Neo4j Query - Find all nodes which satisfy a property condition and have relationship

Question

I have a query which runs successfully:

match (n:A {tag_no:"N2203"})<-[:rel_a]-(v:B)-[:rel_b]->(r)<-[:rel_c]-(n) WHERE (v.invoice_date>="2012-08-01" AND v.invoice_date<"2016-02-01") with v, collect(r) as rs where all (x in rs where x.date<"2016-08-01") return count(v) as count;

I need to further filter this query.

I need to related r nodes with max(r.date) for each v , and find out how many of those nodes have a relationship with another node of type D

I'm trying this query, it throws a syntax error

match (n:A {tag_no:"N2203"})<-[:rel_a]-(v:B)-[:rel_b]->(r)<-[:rel_c]-(n) WHERE (v.invoice_date>="2012-08-01" AND v.invoice_date<"2016-02-01") with v, max(r.date) as date collect(r) as rs where (all (x in rs where x.date<"2016-08-01") AND filter(x in rs where x.date=date)[0]<-[:rel_c]-(d:D)) return count(v) as count;

I also tried many other combinations, but all throw some syntax error. All help is appreciated.

Answer 1

The main issue is that query parser cannot now if filter(x in rs where x.date=date)[0] really is a node, so this is not allowed in the syntax. Fortunately, it's possible to work around this at the cost of some verbosity:

• Use another WITH clause to introduce an alias ( n ) to the node variable. That will allow you to use the WHERE <pattern> syntax.
• Also, you cannot introduce new variables in the WHERE clause, so just use (:D) instead of (d:D) .

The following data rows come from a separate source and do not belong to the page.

Lemma card_sqrf_eq (y : F) : y != 0 -> #|[set x : F | x ^+ 2 == y ^+ 2]| = 2%N.
Proof.
move=> y0; have -> : [set x : F | x ^+ 2 == y ^+ 2] = [set y; - y].
  by apply/setP => x; rewrite !inE eqf_sqr.
by rewrite cards2 eqr_opp_self y0.
Qed.

Lemma card_Qsq : (#|Q| * 2 = #|F|.-1)%N.
Proof.
have card_sqrt (s : F) : s \in Q -> #|[set x | (x != 0) && (x ^+ 2 == s)]| = 2%N.
  rewrite inE => /andP[s0 /existsP[y /eqP eq_s]]; subst s.
  have y0 : y != 0 by rewrite -sqrf_eq0.
  rewrite -[RHS](card_sqrf_eq y0); apply: eq_card => x; rewrite !inE.
  have [->|//] := eqVneq x 0.
  by rewrite expr0n /= eq_sym sqrf_eq0 (negbTE y0).
rewrite -sum_nat_const -(eq_bigr _ card_sqrt).
under eq_bigr => s _ do rewrite -sum1dep_card.
rewrite -(partition_big (fun x => x ^+ 2) (mem Q)) => [|x]; last exact: sqrf_Qsq.
by rewrite sum1dep_card -(cardsC1 (0 : F)); apply: eq_card => x; rewrite !inE.
Qed.

End OddFiniteField.

Section ThreeModFour.
Variable F : finFieldType.
Hypothesis cardF_mod4 : (#|F| %% 4 = 3)%N.
Local Notation Q := (Qsq F).

Let oddF : odd #|F|.
Proof. by rewrite (divn_eq #|F| 4) cardF_mod4 oddD oddM andbF. Qed.

Lemma sqrf_neqN1 (y : F) : y ^+ 2 != -1.
Proof.
apply/eqP => yN1; have /eqP : y = - y.
  (* y = y ^+ #|F| = (y ^+ 4) ^+ k * y ^+ 3 = - y *)
  rewrite -{1}(expf_card y) (divn_eq #|F| 4) cardF_mod4 exprD mulnC exprM.
  by rewrite (exprM y 2 2) yN1 sqrrN expr1n expr1n mul1r exprS yN1 mulrN1.
rewrite (eqr_opp_self oddF) => /eqP y0; move/eqP: yN1.
by rewrite y0 expr0n /= eq_sym oppr_eq0 oner_eq0.
Qed.

Lemma Qsq_opp_disjoint : [disjoint Q & [set - x | x in Q]].
Proof.
rewrite -setI_eq0; apply/eqP/setP => x; rewrite !inE.
apply/negP => /andP[Qx /imsetP[z Qz xz]]; rewrite {}xz in Qx.
move: Qx Qz; rewrite !inE oppr_eq0.
move=> /andP[z0 /existsP[s /eqP sN]] /andP[_ /existsP[t /eqP tz]].
have t0 : t != 0 by rewrite -sqrf_eq0 tz.
by have := sqrf_neqN1 (s / t); rewrite expr_div_n sN tz mulNr divff ?eqxx.
Qed.

Lemma nonzero_Qsq_cover : [set x : F | x != 0] = Q :|: [set - x | x in Q].
Proof.
apply/esym/eqP; rewrite eqEcard; apply/andP; split.
  apply/subsetP => x; rewrite !inE => /orP[/andP[] // | /imsetP[z]].
  by rewrite inE => /andP[z0 _] ->; rewrite oppr_eq0.
rewrite cardsU (disjoint_setI0 Qsq_opp_disjoint) cards0 subn0.
rewrite card_imset; last exact: oppr_inj.
rewrite addnn -muln2 card_Qsq // -(cardsC1 (0 : F)).
by apply/eq_leq/eq_card => x; rewrite !inE.
Qed.

Lemma sum_nonzero_Qsq (f : F -> nat) :
  (\sum_(x | x != 0%R) f x = \sum_(x in Q) (f x + f (- x)%R))%N.
Proof.
rewrite big_split /= -(big_imset _ (in2W oppr_inj)) -bigU ?Qsq_opp_disjoint //.
by apply: eq_bigl => x; move/setP/(_ x): nonzero_Qsq_cover; rewrite !inE.
Qed.

End ThreeModFour.

Section CharThree.
Variable F : finFieldType.
Hypothesis F_pchar3 : 3%N \in [pchar F].

Let char3_eq (x y e : F) : x = y + 3%:R * e -> x = y.
Proof. by rewrite (pcharf0 F_pchar3) mul0r addr0. Qed.

Lemma eltRE (x1 x2 x3 : F) : eltR x1 x2 x3 = mkR (x1 - x2 + x3) (x2 + x3) x3.
Proof.
rewrite /eltR /addR /mulR /cstR /um1 /mkR /rA /rB /rC /=.
by congr (_, _, _); [ring | apply: (char3_eq (e := - x3)); ring | ring].
Qed.

Lemma natr_ord3_inj : injective (fun k : 'I_3 => k%:R : F).
Proof.
suff le_eq (i j : 'I_3) : (i <= j)%N -> i%:R = j%:R :> F -> i = j.
  by move=> i j /= ij; case: (leqP i j) => [/le_eq -> // | /ltnW /le_eq ->].
move=> le_ij /eqP; rewrite eq_sym -subr_eq0 -natrB // -(dvdn_pcharf F_pchar3).
by case/dvdnP=> q eq_q; apply: ord_inj; have := ltn_ord j; lia.
Qed.

Definition coords (p : calR F) : F * F * F := (rA p + rB p + rC p, rB p - rC p, rC p).

Lemma coordsK : cancel coords (fun x => eltR x.1.1 x.1.2 x.2).
Proof.
move=> [[a b] c]; rewrite eltRE /coords /mkR /rA /rB /rC /=.
by congr (_, _, _); [apply: (char3_eq (e := c)) |]; ring.
Qed.

Lemma eltRK : cancel (fun x => eltR x.1.1 x.1.2 x.2) coords.
Proof.
move=> [[x1 x2] x3]; rewrite eltRE /coords /mkR /rA /rB /rC /=.
by congr (_, _, _); [apply: (char3_eq (e := x3)) |]; ring.
Qed.

Lemma mulR_eltR (a1 a2 a3 x1 x2 x3 : F) :
  mulR (eltR a1 a2 a3) (eltR x1 x2 x3) =
  eltR (a1 * x1) (a1 * x2 + a2 * x1) (a1 * x3 + a2 * x2 + a3 * x1).
Proof.
rewrite !eltRE /mulR /mkR /rA /rB /rC /=.
by congr (_, _, _);
  [ apply: (char3_eq (e := a3 * x3)) | apply: (char3_eq (e := a3 * x3 - a2 * x2))
  | apply: (char3_eq (e := a3 * x3)) ]; ring.
Qed.

Lemma mulR_um1sq (c : F) : mulR (mulR (um1 F) (um1 F)) (cstR c) = eltR 0 0 c.
Proof.
rewrite eltRE /mulR /um1 /cstR /mkR /rA /rB /rC /=.
by congr (_, _, _); [| apply: (char3_eq (e := - c)) |]; ring.
Qed.

Lemma leeR_eltR_nat (i j k : nat) :
  leeR (eltR i%:R j%:R k%:R : calR F) =
  (~~ (3 %| i + 2 * j + k) + ~~ (3 %| j + k) + ~~ (3 %| k))%N.
Proof.
rewrite eltRE /leeR /mkR /rA /rB /rC /=.
have -> : i%:R - j%:R + k%:R = (i + 2 * j + k)%:R :> F.
  by apply: (char3_eq (e := - j%:R)); rewrite !natrD; ring.
by rewrite -natrD !(dvdn_pcharf F_pchar3).
Qed.

Lemma sum_leeR_eltR (i : 'I_3) :
  (\sum_(j < 3) \sum_(k < 3) leeR (eltR i%:R j%:R k%:R : calR F) = 18)%N.
Proof.
under eq_bigr => j _ do under eq_bigr => k _ do rewrite leeR_eltR_nat.
by case: i => [[|[|[|]]]] //= _; rewrite !big_ord_recr !big_ord0.
Qed.

Lemma sum_leeR_eltR0 (j : 'I_3) :
  (\sum_(k < 3) leeR (eltR 0%R j%:R k%:R : calR F) = 6)%N.
Proof.
under eq_bigr => k _ do rewrite -[0%R]/(0%:R : F) leeR_eltR_nat.
by case: j => [[|[|[|]]]] //= _; rewrite !big_ord_recr !big_ord0.
Qed.

Lemma leeR_eltR00 (t : F) : leeR (eltR 0 0 t) = (3 * (t != 0%R))%N.
Proof. by rewrite eltRE /leeR /mkR /rA /rB /rC /= subr0 !add0r; case: (t != 0). Qed.

End CharThree.

Section AbsoluteTrace.
Variables (F : finFieldType) (m : nat).
Hypothesis cardF : #|F| = (3 ^ m)%N.

Local Notation tr := (@abstr F m).

Lemma pchar3 : 3%N \in [pchar F].
Proof. exact: card_finPcharP cardF _. Qed.

Lemma m_gt0 : (0 < m)%N.
Proof. by case: m cardF (finNzRing_gt1 F) => // ->. Qed.

Fact abstr_is_nmod_morphism : nmod_morphism tr.
Proof.
rewrite /abstr; split=> [|x y]; first by rewrite big1 // => i _; rewrite expr0n expn_eq0.
rewrite -big_split; apply: eq_bigr => i _; apply: exprDn_pchar.
by rewrite pnatX pnatE // pchar3.
Qed.

HB.instance Definition _ := GRing.isNmodMorphism.Build F F tr abstr_is_nmod_morphism.

Lemma abstr_cube x : tr x ^+ 3 = tr x.
Proof.
rewrite -(pFrobenius_autE pchar3) /abstr rmorph_sum.
rewrite (eq_bigr (fun i : 'I_m => x ^+ (3 ^ i.+1))); last first.
  by move=> i _; rewrite /= pFrobenius_autE -exprM -expnSr.
case: m m_gt0 cardF => // n _ cardF'.
rewrite big_ord_recr big_ord_recl /= -cardF' expf_card expn0 expr1 addrC.
by congr (_ + _); apply: eq_bigr.
Qed.

Lemma abstr_ord3 x : exists k : 'I_3, tr x = k%:R.
Proof.
have : tr x * (tr x - 1) * (tr x - 2%:R) = 0.
  have -> : tr x * (tr x - 1) * (tr x - 2%:R)
          = (tr x ^+ 3 - tr x) - 3%:R * (tr x ^+ 2 - tr x) by ring.
  by rewrite abstr_cube (pcharf0 pchar3) subrr mul0r subr0.
move/eqP; rewrite !mulf_eq0 !subr_eq0 => /orP[/orP[]|] /eqP ->.
- by exists ord0.
- by exists (@Ordinal 3 1 isT).
- by exists (@Ordinal 3 2 isT).
Qed.

Lemma sum_abstr_ord3 x (f : F -> nat) :
  (\sum_(k < 3) (tr x == k%:R) * f k%:R)%N = f (tr x).
Proof.
have [k0 ->] := abstr_ord3 x.
rewrite (bigD1 k0) //= eqxx mul1n big1 ?addn0 // => k nk.
by case: eqP => [/(natr_ord3_inj pchar3) eq_k | _]; rewrite ?eq_k ?eqxx in nk.
Qed.

Definition abstr_poly : {poly F} := \sum_(i < m) 'X^(3 ^ i).

Lemma horner_abstr_poly x : abstr_poly.[x] = tr x.
Proof. by rewrite horner_sum; apply: eq_bigr => i _; rewrite hornerXn. Qed.

Lemma abstr_poly_neq0 : abstr_poly != 0.
Proof.
apply/eqP => /(congr1 (fun p : {poly F} => p`_1)).
rewrite coef0 coef_sum; case: m m_gt0 => // n _.
rewrite big_ord_recl /= expn0 coefXn eqxx big1 ?addr0; first by move/eqP; rewrite oner_eq0.
by move=> i _; rewrite coefXn ltn_eqF // -{1}(expn0 3) ltn_exp2l.
Qed.

Lemma size_abstr_poly : (size abstr_poly <= (3 ^ m.-1).+1)%N.
Proof.
apply: (leq_trans (size_sum _ _ _)); apply/bigmax_leqP => i _.
by rewrite size_polyXn ltnS leq_exp2l // -ltnS prednK ?m_gt0.
Qed.

Local Notation fiber t := [set y : F | tr y == t%R].

Lemma card_abstr_kernel_le : (#|fiber 0| <= 3 ^ m.-1)%N.
Proof.
have := max_poly_roots abstr_poly_neq0 (rs := enum (fiber 0)).
rewrite enum_uniq -cardE => /(_ _ isT) lt_size.
rewrite -ltnS (leq_trans _ size_abstr_poly) // lt_size //.
by apply/allP => y; rewrite mem_enum inE /root horner_abstr_poly.
Qed.

Lemma card_abstr_fiber_le t : (#|fiber t| <= #|fiber 0|)%N.
Proof.
have [y0 /eqP tr_y0 | fiber_t0] := pickP [pred y | tr y == t]; last first.
  by rewrite (@eq_card0 _ (fiber t)) // => y; rewrite inE; apply: fiber_t0.
rewrite -(card_imset _ (addIr (- y0))).
apply/subset_leq_card/subsetP => z /imsetP[y]; rewrite !inE => /eqP tr_y ->.
by rewrite raddfB /= tr_y tr_y0 subrr.
Qed.

Lemma sum_abstr_fiber (f : F -> nat) :
  (\sum_y f (tr y) = \sum_(k < 3) #|fiber k%:R| * f k%:R)%N.
Proof.
under eq_bigr => y _ do rewrite -(sum_abstr_ord3 y f).
rewrite exchange_big; apply: eq_bigr => k _.
rewrite -big_distrl /=; congr (_ * _)%N.
by rewrite -sum1dep_card [RHS]big_mkcond; apply: eq_bigr => y _; case: eqP.
Qed.

Lemma card_abstr_fiber (k : 'I_3) : #|fiber k%:R| = (3 ^ m.-1)%N.
Proof.
have le_fiber (j : 'I_3) : (#|fiber j%:R| <= 3 ^ m.-1)%N.
  exact: leq_trans (card_abstr_fiber_le _) card_abstr_kernel_le.
have sum_fibers : (\sum_(j < 3) #|fiber j%:R| = \sum_(j < 3) 3 ^ m.-1)%N.
  have := sum_abstr_fiber (fun=> 1%N); rewrite sum1_card cardF.
  rewrite sum_nat_const card_ord -expnS prednK ?m_gt0 // => ->.
  by apply: eq_bigr => j _; rewrite muln1.
have [_] := leqif_sum (fun j (_ : true) => leqif_eq (le_fiber j)).
by rewrite sum_fibers eqxx => /esym/forall_inP/(_ k isT)/eqP.
Qed.

Lemma sum_abstr (f : F -> nat) :
  (\sum_y f (tr y) = 3 ^ m.-1 * \sum_(k < 3) f k%:R)%N.
Proof.
by rewrite sum_abstr_fiber big_distrr; apply: eq_bigr => k _; rewrite card_abstr_fiber.
Qed.

Lemma sum_abstr_affine (f : F -> nat) (c b : F) : c != 0 ->
  (\sum_y f (tr (c * y + b)%R) = 3 ^ m.-1 * \sum_(k < 3) f k%:R)%N.
Proof.
move=> c0; rewrite -sum_abstr [RHS](reindex_inj (h := fun y => c * y + b)) //.
by move=> x y /addIr /(mulfI c0).
Qed.

Lemma expn_pred3 : (3 ^ m = 3 * 3 ^ m.-1)%N.
Proof. by rewrite -expnS prednK ?m_gt0. Qed.

Lemma TrR_eltR (x1 x2 x3 : F) : TrR m (eltR x1 x2 x3) = eltR (tr x1) (tr x2) (tr x3).
Proof. by rewrite !(eltRE pchar3) /TrR /mkR /rA /rB /rC /= !raddfD /= raddfN. Qed.

Lemma lee_ev_eltR (a1 a2 a3 : F) :
  lee_ev m (eltR a1 a2 a3) = (\sum_(x1 in Qsq F) \sum_x2 \sum_x3
    leeR (eltR (tr (a1 * x1)%R) (tr (a1 * x2 + a2 * x1)%R)
               (tr (a1 * x3 + a2 * x2 + a3 * x1)%R)))%N.
Proof.
rewrite /lee_ev /Lprime big_imset => [|x y _ _]; last exact: (can_inj (eltRK pchar3)).
rewrite [RHS]pair_big [RHS]pair_big /=; apply: eq_big => [[[x1 x2] x3]|x _].
  by rewrite !inE !andbT.
by rewrite (mulR_eltR pchar3) TrR_eltR.
Qed.

Lemma card_Qsq_weight : (#|Qsq F| * 2 * 3 ^ (2 * m) = 3 ^ (3 * m) - 3 ^ (2 * m))%N.
Proof.
rewrite card_Qsq ?cardF ?oddX ?orbT // -subn1 mulnBl mul1n -expnD.
by rewrite (_ : m + 2 * m = 3 * m)%N //; lia.
Qed.

Lemma lee_ev_unit (a1 a2 a3 : F) : a1 != 0 ->
  lee_ev m (eltR a1 a2 a3) = (3 ^ (3 * m) - 3 ^ (2 * m))%N.
Proof.
move=> a1_0; rewrite lee_ev_eltR -card_Qsq_weight -mulnA -sum_nat_const.
apply: eq_bigr => x1 _; have [i tr_x1] := abstr_ord3 (a1 * x1).
under eq_bigr => x2 _ do under eq_bigr => x3 _ do rewrite -addrA.
under eq_bigr => x2 _ do rewrite (sum_abstr_affine (fun t => leeR (eltR _ _ t))) //.
rewrite -big_distrr /= (sum_abstr_affine (fun t => \sum_(k < 3) leeR (eltR _ t k%:R)))%N //.
rewrite tr_x1 (sum_leeR_eltR pchar3) (_ : 2 * m = m + m)%N ?expnD ?expn_pred3; last lia.
by move: (3 ^ m.-1)%N => n; nia.
Qed.

Lemma lee_ev_nonunit (a2 a3 : F) : a2 != 0 ->
  lee_ev m (eltR 0 a2 a3) = (3 ^ (3 * m) - 3 ^ (2 * m))%N.
Proof.
move=> a2_0; rewrite lee_ev_eltR -card_Qsq_weight -mulnA -sum_nat_const.
apply: eq_bigr => x1 _; have [j tr_x1] := abstr_ord3 (a2 * x1).
under eq_bigr => x2 _ do under eq_bigr => x3 _ do rewrite !mul0r !add0r raddf0.
under eq_bigr => x2 _ do rewrite sum_nat_const.
rewrite -big_distrr /= (sum_abstr_affine (fun t => leeR (eltR 0 _ t))) //.
rewrite tr_x1 (sum_leeR_eltR0 pchar3) (eq_card (B := F)) // cardF.
rewrite (_ : 2 * m = m + m)%N ?expnD ?expn_pred3; last lia.
by move: (3 ^ m.-1)%N => n; nia.
Qed.

Lemma lee_ev0 : lee_ev m (mkR (0 : F) 0 0) = 0%N.
Proof.
rewrite /lee_ev big1 // => x _.
by rewrite /mulR /TrR /leeR /mkR /rA /rB /rC /= !mul0r !add0r raddf0 eqxx.
Qed.

Hypothesis m_odd : odd m.

Lemma cardF_mod4 : (#|F| %% 4 = 3)%N.
Proof.
rewrite cardF -(odd_double_half m) m_odd add1n -mul2n expnS expnM.
by rewrite -modnMmr -modnXm exp1n.
Qed.

Lemma sum_abstr_neq0 (c : F) : c != 0 ->
  (\sum_x (tr (c * x)%R != 0%R) = 3 ^ m.-1 * 2)%N.
Proof.
move=> c0; under eq_bigr => x _ do rewrite -[c * x]addr0.
rewrite (sum_abstr_affine (fun t => t != 0%R)) //; congr (_ * _)%N.
by rewrite !big_ord_recr big_ord0 -!(dvdn_pcharf pchar3).
Qed.

Lemma sum_Qsq_abstr_neq0 (c : F) : c != 0 ->
  (\sum_(x in Qsq F) (tr (c * x)%R != 0%R) = 3 ^ m.-1)%N.
Proof.
move=> c0; have := sum_abstr_neq0 c0; rewrite (bigD1 0) //= mulr0 raddf0 eqxx add0n.
rewrite (sum_nonzero_Qsq cardF_mod4 (fun x => tr (c * x) != 0%R)).
under eq_bigr => x _ do rewrite mulrN raddfN oppr_eq0 addnn -mul2n.
by rewrite -big_distrr /= mulnC => /eqP; rewrite eqn_pmul2r // => /eqP.
Qed.

Lemma lee_ev_ideal (c : F) : c != 0 -> lee_ev m (eltR 0 0 c) = (3 ^ (3 * m))%N.
Proof.
move=> c0; rewrite lee_ev_eltR.
under eq_bigr => x1 _ do under eq_bigr => x2 _ do under eq_bigr => x3 _ do
  rewrite !mul0r !add0r raddf0 (leeR_eltR00 pchar3).
under eq_bigr => x1 _ do under eq_bigr => x2 _ do rewrite sum_nat_const.
under eq_bigr => x1 _ do rewrite sum_nat_const.
rewrite -!big_distrr /= sum_Qsq_abstr_neq0 // (eq_card (B := F)) // cardF.
rewrite (_ : 3 * m = m + m + m)%N ?expnD ?expn_pred3; last lia.
by move: (3 ^ m.-1)%N => n; nia.
Qed.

So the query will look like this (obviously, I have not tested it):

MATCH (n:A {tag_no:"N2203"})<-[:rel_a]-(v:B)-[:rel_b]->(r)<-[:rel_c]-(n)
WHERE v.invoice_date>="2012-08-01"
  AND v.invoice_date<"2016-02-01"
WITH
  v,
  max(r.date) AS date,
  collect(r) AS rs
WHERE all(x IN rs WHERE x.date<"2016-08-01")
WITH filter(x in rs where x.date=date)[0] AS n, v
WHERE (n)<-[:rel_c]-(:D)
RETURN count(v) AS count;